Founder of the Rogationists and the Daughters of Divine Zeal.
Born in 1851 in Messina, Italy, Hannibal was the third of four children of Francis the Marquises of Saint Catherine of Jonio, a Papal Vice-Consul, a knight, and Honorary Captain of the Navy. His mother was Anna Toscano, an Italian aristocrat. His father died when Hannibal was 15 months old.
The boy developed a devotion to the Eucharist and the Virgin Mary. He was permitted to receive Holy Communion every day– in those days, that was rare. At age 17, while in prayer before the Blessed Sacrament, he received a call to religious life, “the revelation of Rogate.”
After he was ordained priest, he immediately moved into the Avignone ghetto, one of the poorest places he could find, and began a life’s work with the poor.

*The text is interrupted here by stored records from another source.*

(* Let $(X,d)$ be a complete metric space, $\lambda$ a convex mean on $X$ and $\nu$ a nonexpansive 2-mean on $X$. Then the iterated composition $\lambda*\nu$ (resp. the skewed iterated composition $\lambda*_s\nu$) exists and is nonexpansive.
   Context: A 2-mean is a map $\mu:X^2\to X$ with $\mu(x,x)=x$. A convex mean is a symmetric 2-mean $\lambda$ with $d(\lambda(x,z),\lambda(y,z))\le\frac12 d(x,y)$ for all $x,y,z$. Nonexpansive: $d(\nu(x_1,x_2),\nu(y_1,y_2))\le\max\{d(x_1,y_1),d(x_2,y_2)\}$. Iterated composition: set $\lambda_1=\lambda$, $\nu_1=\nu$, $\lambda_{n+1}(x,y)=\lambda(\lambda_n(x,y),\nu_n(x,y))$, $\nu_{n+1}(x,y)=\nu(\lambda_n(x,y),\nu_n(x,y))$; skewed iterated composition: $\nu_{n+1}(x,y)=\nu(\lambda_n(x,y),\nu_n(x,y))$, $\lambda_{n+1}(x,y)=\lambda(\lambda_n(x,y),\nu_{n+1}(x,y))$. If there is a 2-mean $\mu$ with $\lim_n\lambda_n(x,y)=\mu(x,y)=\lim_n\nu_n(x,y)$ for all $x,y$, then $\mu$ is the iterated composition $\lambda*\nu$ (resp. skewed iterated composition $\lambda*_s\nu$). *)

From Stdlib Require Import Reals.
Open Scope R_scope.

Definition is_metric {X : Type} (d : X -> X -> R) : Prop :=
  (forall x y, 0 <= d x y) /\
  (forall x y, d x y = 0 <-> x = y) /\
  (forall x y, d x y = d y x) /\
  (forall x y z, d x z <= d x y + d y z).

Definition converges_to {X : Type} (d : X -> X -> R) (u : nat -> X) (l : X) : Prop :=
  forall eps, 0 < eps -> exists N, forall n, (N <= n)%nat -> d (u n) l < eps.

Definition cauchy_seq {X : Type} (d : X -> X -> R) (u : nat -> X) : Prop :=
  forall eps, 0 < eps -> exists N, forall m n, (N <= m)%nat -> (N <= n)%nat ->
    d (u m) (u n) < eps.
(* Let $n\ge2$ and let $S_N.o$ be the Lie hypersurface of $G_2^\ast(\mathbb{R}^{n+3})$ described below, identified with the Lie group $S_N$ with the induced left-invariant metric. Equip it with the almost contact metric structure induced from the Kähler structure: $\xi=-JN$, $\eta=\langle\cdot,\xi\rangle$, $\varphi X=JX-\eta(X)N$, induced metric. Then $(S_N.o,\eta,\xi,\varphi,\langle,\rangle)$ is a contact metric manifold, i.e. $\Phi=d\eta$ where $\Phi(X,Y)=\langle X,\varphi Y\rangle$.
   Context: Identify $G_2^\ast(\mathbb{R}^{n+3})=\mathrm{SO}_0(2,n+1)/(\mathrm{SO}(2)\times\mathrm{SO}(n+1))$, with the invariant Kähler metric normalized to minimal sectional curvature $-8$, with the simply-connected Lie group $S$ whose Lie algebra $\mathfrak{s}$ has orthonormal basis $A_1,A_2,X_0,Y_1,\dots,Y_{n-1},Z_1,\dots,Z_{n-1},W_0$, nonzero brackets (with $c=2\sqrt2$) $[A_1,X_0]=cX_0$, $[A_1,Y_i]=-(c/2)Y_i$, $[A_1,Z_i]=(c/2)Z_i$, $[A_2,Y_i]=(c/2)Y_i$, $[A_2,Z_i]=(c/2)Z_i$, $[A_2,W_0]=cW_0$, $[X_0,Y_i]=cZ_i$, $[Y_i,Z_i]=cW_0$, left-invariant metric making the basis orthonormal and left-invariant complex structure $J$ with $J(A_1)=-X_0$, $J(A_2)=W_0$, $J(Y_i)=Z_i$, $J^2=-\mathrm{id}$. Let $N=\frac1{\sqrt2}(-A_1-A_2)$, $\mathfrak{s}_N=\mathfrak{s}\ominus\mathbb{R}N$ (a subalgebra), $S_N$ the connected subgroup of $S$ with Lie algebra $\mathfrak{s}_N$, and $S_N.o$ its orbit through the identity $o$, a real hypersurface with left-invariant unit normal $N$. Here $d\eta(X,Y)=\tfrac12(X\eta(Y)-Y\eta(X)-\eta([X,Y]))$. *)

(* The Lie algebra s of the solvable group S (Iwasawa
   model of G_2^*(R^{n+3})) over an arbitrary real closed field R
   (the paper's case is R = the reals). *)
From HB Require Import structures.
From mathcomp Require Import all_boot all_order all_algebra.
Set Implicit Arguments. Unset Strict Implicit. Unset Printing Implicit Defensive.
Import Order.TTheory GRing.Theory Num.Theory.
Local Open Scope ring_scope.

(* Labels of the orthonormal basis A1,A2,X0,W0,Y_1..Y_m,Z_1..Z_m of s,
   with m = n-1 (indices shifted to 0..m-1). *)
Inductive idx (m : nat) : Type :=
| iA1 | iA2 | iX0 | iW0 | iY of 'I_m | iZ of 'I_m.
Arguments iA1 {m}. Arguments iA2 {m}. Arguments iX0 {m}. Arguments iW0 {m}.

Definition basis_list (m : nat) : seq (idx m) :=
  [:: iA1; iA2; iX0; iW0] ++ map (@iY m) (enum 'I_m) ++ map (@iZ m) (enum 'I_m).

Section LieAlg.
Variables (R : rcfType) (m : nat).

Definition vec := idx m -> R.

Definition vadd (u v : vec) : vec := fun e => u e + v e.
Definition vscale (a : R) (v : vec) : vec := fun e => a * v e.

Definition bvec (e : idx m) : vec := fun f =>
  match e, f with
  | iA1, iA1 | iA2, iA2 | iX0, iX0 | iW0, iW0 => 1
  | iY i, iY j | iZ i, iZ j => if i == j then 1 else 0
  | _, _ => 0
  end.

Definition c : R := 2 * Num.sqrt 2.

Definition br0 (e f : idx m) : vec :=
  match e, f with
  | iA1, iX0 => vscale c (bvec iX0)
  | iA1, iY i => vscale (- (c / 2)) (bvec (iY i))
  | iA1, iZ i => vscale (c / 2) (bvec (iZ i))
  | iA2, iY i => vscale (c / 2) (bvec (iY i))
  | iA2, iZ i => vscale (c / 2) (bvec (iZ i))
  | iA2, iW0 => vscale c (bvec iW0)
  | iX0, iY i => vscale c (bvec (iZ i))
  | iY i, iZ j => if i == j then vscale c (bvec iW0) else (fun _ => 0)
  | _, _ => fun _ => 0
  end.

Definition br (e f : idx m) : vec := vadd (br0 e f) (vscale (-1) (br0 f e)).

Definition bracket (u v : vec) : vec := fun g =>
  \sum_(e <- basis_list m) \sum_(f <- basis_list m) u e * v f * br e f g.

(* Left-invariant metric: the basis is orthonormal. *)
Definition ip (u v : vec) : R := \sum_(e <- basis_list m) u e * v e.

(* Complex structure J on the basis: J A1 = -X0, J A2 = W0, J Y_i = Z_i,
   and (from J^2 = -id) J X0 = A1, J W0 = -A2, J Z_i = -Y_i. *)
Definition Jb (e : idx m) : vec :=
  match e with
  | iA1 => vscale (-1) (bvec iX0)
  | iX0 => bvec iA1
  | iA2 => bvec iW0
  | iW0 => vscale (-1) (bvec iA2)
  | iY i => bvec (iZ i)
  | iZ i => vscale (-1) (bvec (iY i))
  end.

Definition J (v : vec) : vec := fun g => \sum_(e <- basis_list m) v e * Jb e g.

Definition Nv : vec :=
  vscale (1 / Num.sqrt 2) (vadd (vscale (-1) (bvec iA1)) (vscale (-1) (bvec iA2))).

(* s_N = s minus R N (orthogonal complement of N in s). *)
Definition in_sN (v : vec) : Prop := ip v Nv = 0.

Definition xi : vec := vscale (-1) (J Nv).
Definition eta (v : vec) : R := ip v xi.
Definition phi (v : vec) : vec := vadd (J v) (vscale (- eta v) Nv).

Definition Phi (u v : vec) : R := ip u (phi v).

(* d eta(X,Y) = 1/2 (X eta(Y) - Y eta(X) - eta([X,Y])) evaluated on
   left-invariant vector fields X, Y: eta(X), eta(Y) are then constant
   functions on S_N, so their derivatives X eta(Y), Y eta(X) vanish. *)
Definition deta (u v : vec) : R := (1 / 2) * (0 - 0 - eta (bracket u v)).

End LieAlg.

From Pilot Require Import Defs.
From HB Require Import structures.
From mathcomp Require Import all_boot all_order all_algebra.
From mathcomp Require Import ring.
Import Order.TTheory GRing.Theory Num.Theory.
Local Open Scope ring_scope.

(* On a tangent vector X (one orthogonal to N) the normal part of phi Y drops
   out, so Phi(X, Y) = <X, J Y> is the Kahler form.  Since xi = (W0 - X0)/sqrt 2,
   d eta(X, Y) = -(1/2) eta([X, Y]) only sees the X0- and W0-components of the
   bracket, which come from the pairs (A1, X0), (A2, W0) and (Y_i, Z_i): exactly
   the pairs exchanged by J.  With c = 2 sqrt 2 the constants match, and
   d eta = <., J .> on all of s. *)

Lemma sum_basis (R : rcfType) m (F : idx m -> R) :
  \sum_(e <- basis_list m) F e = F iA1 + F iA2 + F iX0 + F iW0 +
   \sum_i F (iY i) + \sum_i F (iZ i).
Proof.
rewrite /basis_list big_cat /= !big_cons big_nil big_cat /= !big_map.
by rewrite -!big_enum /= addr0 !addrA.
Qed.

Section SLieAlgebra.
Variables (R : rcfType) (m : nat).
Implicit Types (u v w : vec R m) (a : R) (e f g : idx m).

Lemma sum_if (j : 'I_m) (F : 'I_m -> R) :
  \sum_i (if i == j then F i else 0) = F j.
Proof. by rewrite -big_mkcond big_pred1_eq. Qed.

Lemma JE v g : J v g = match g with
  | iA1 => v iX0 | iX0 => - v iA1 | iA2 => - v iW0 | iW0 => v iA2
  | iY i => - v (iZ i) | iZ i => v (iY i) end.
Proof.
have summandE e : v e * Jb R e g = match e, g with
  | iX0, iA1 => v iX0 | iA1, iX0 => - v iA1
  | iA2, iW0 => v iA2 | iW0, iA2 => - v iW0
  | iY i, iZ j => if i == j then v (iY i) else 0
  | iZ i, iY j => if i == j then - v (iZ i) else 0
  | _, _ => 0 end.
  by case: e g => [||||i|i] [||||j|j]; rewrite /Jb /vscale /bvec /=;
    try (case: eqP => _ /=); ring.
rewrite /J; under eq_bigr do rewrite summandE.
rewrite sum_basis; clear summandE.
by case: g => [||||j|j] /=; rewrite !big1_eq ?sum_if ?add0r ?addr0.
Qed.

Lemma NvE g : @Nv R m g = match g with iA1 | iA2 => - (Num.sqrt 2)^-1 | _ => 0 end.
Proof. by case: g => [||||j|j]; rewrite /Nv /vadd /vscale /bvec /=; ring. Qed.

Lemma ipDr u v w : ip u (vadd v w) = ip u v + ip u w.
Proof. by rewrite /ip -big_split; apply: eq_bigr => e _; rewrite mulrDr. Qed.

Lemma ipZr u v a : ip u (vscale a v) = a * ip u v.
Proof. by rewrite /ip mulr_sumr; apply: eq_bigr => e _; rewrite mulrCA. Qed.

Lemma ip_J u v : ip u (J v) =
  u iA1 * v iX0 - u iX0 * v iA1 - (u iA2 * v iW0 - u iW0 * v iA2)
  - \sum_i (u (iY i) * v (iZ i) - u (iZ i) * v (iY i)).
Proof.
rewrite /ip; under eq_bigr do rewrite JE.
rewrite sum_basis /= sumrB; under eq_bigr do rewrite mulrN.
rewrite sumrN; ring.
Qed.

Lemma br_X0 e f : br R e f iX0 = match e, f with
  | iA1, iX0 => c R | iX0, iA1 => - c R | _, _ => 0 end.
Proof.
by case: e f => [||||i|i] [||||j|j]; rewrite /br /br0 /vadd /vscale /bvec /=;
  try (case: eqP => _ /=); ring.
Qed.

Lemma br_W0 e f : br R e f iW0 = match e, f with
  | iA2, iW0 => c R | iW0, iA2 => - c R
  | iY i, iZ j => if i == j then c R else 0
  | iZ i, iY j => if j == i then - c R else 0
  | _, _ => 0 end.
Proof.
by case: e f => [||||i|i] [||||j|j]; rewrite /br /br0 /vadd /vscale /bvec /=;
  try (case: eqP => _ /=); ring.
Qed.

Lemma bracket_X0 u v : bracket u v iX0 = c R * (u iA1 * v iX0 - u iX0 * v iA1).
Proof.
have summandE e f : u e * v f * br R e f iX0 = match e, f with
  | iA1, iX0 => c R * (u iA1 * v iX0) | iX0, iA1 => - (c R * (u iX0 * v iA1))
  | _, _ => 0 end.
  by rewrite br_X0; case: e f => [||||i|i] [||||j|j]; ring.
rewrite /bracket; under eq_bigr do under eq_bigr do rewrite summandE.
by rewrite sum_basis /= !big1_eq !sum_basis /= !big1_eq; ring.
Qed.

Lemma bracket_W0 u v : bracket u v iW0 = c R * (u iA2 * v iW0 - u iW0 * v iA2
  + \sum_i (u (iY i) * v (iZ i) - u (iZ i) * v (iY i))).
Proof.
have summandE e f : u e * v f * br R e f iW0 = match e, f with
  | iA2, iW0 => c R * (u iA2 * v iW0) | iW0, iA2 => - (c R * (u iW0 * v iA2))
  | iY i, iZ j => if j == i then c R * (u (iY i) * v (iZ j)) else 0
  | iZ i, iY j => if j == i then - (c R * (u (iZ i) * v (iY j))) else 0
  | _, _ => 0 end.
  rewrite br_W0; case: e f => [||||i|i] [||||j|j] //=; try ring;
    by rewrite [j == i]eq_sym; case: eqP => _; ring.
rewrite /bracket; under eq_bigr do under eq_bigr do rewrite summandE.
rewrite sum_basis /= !big1_eq !sum_basis /= !big1_eq.
under [X in _ + X + _ = _]eq_bigr do rewrite sum_basis /= !big1_eq sum_if !add0r.
under [X in _ + X = _]eq_bigr do rewrite sum_basis /= !big1_eq sum_if !add0r ?addr0.
rewrite sumrN sumrB -!mulr_sumr; ring.
Qed.

Lemma etaE v : Defs.eta v = (v iW0 - v iX0) / Num.sqrt 2.
Proof.
rewrite /Defs.eta /xi ipZr ip_J !NvE.
under eq_bigr do rewrite !NvE /= !mulr0 subrr.
by rewrite big1_eq; ring.
Qed.

Definition kahler_form u v : R := ip u (J v).

Lemma Phi_kahler u v : in_sN u -> Phi u v = kahler_form u v.
Proof. by move=> uN; rewrite /Phi /phi ipDr ipZr uN mulr0 addr0. Qed.

Lemma deta_kahler u v : deta u v = kahler_form u v.
Proof.
have sqrt2_neq0 : Num.sqrt (2 : R) != 0 by rewrite sqrtr_eq0 -ltNge ltr0n.
rewrite /deta etaE bracket_W0 bracket_X0 /kahler_form ip_J /c.
by field; rewrite ?pnatr_eq0.
Qed.

End SLieAlgebra.

Theorem proposition5p5 (R : rcfType) (n : nat) (hn : (2 <= n)%N)
  (X Y : vec R n.-1) :
  in_sN X -> in_sN Y -> Phi X Y = deta X Y.
Proof. by move=> X_sN _; rewrite Phi_kahler // deta_kahler. Qed.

In 1882 he founded the Anthonian Orphanages, so-called because they were under the patronage of Saint Anthony of Padua; they were noted for their operation as an extended family.
Part of his expansion plans was to serve the poor better and more efficiently. He founded The Daughters of Divine Zeal in 1887, and The Rogationists in 1897. Both were canonically approved in August 1926.
His acts of charity and virtuous life was such an example and inspiration to many that even during his lifetime, Hannibal was already considered a saint. Hannibal was, by all accounts, a true servant of the people.
He died of natural causes in 1927. Before his death, Hannibal was granted a comforting vision of the Blessed Virgin. He was beatified in 1990 by Pope St. John Paul II. The same pope canonized Hannibal in 2004.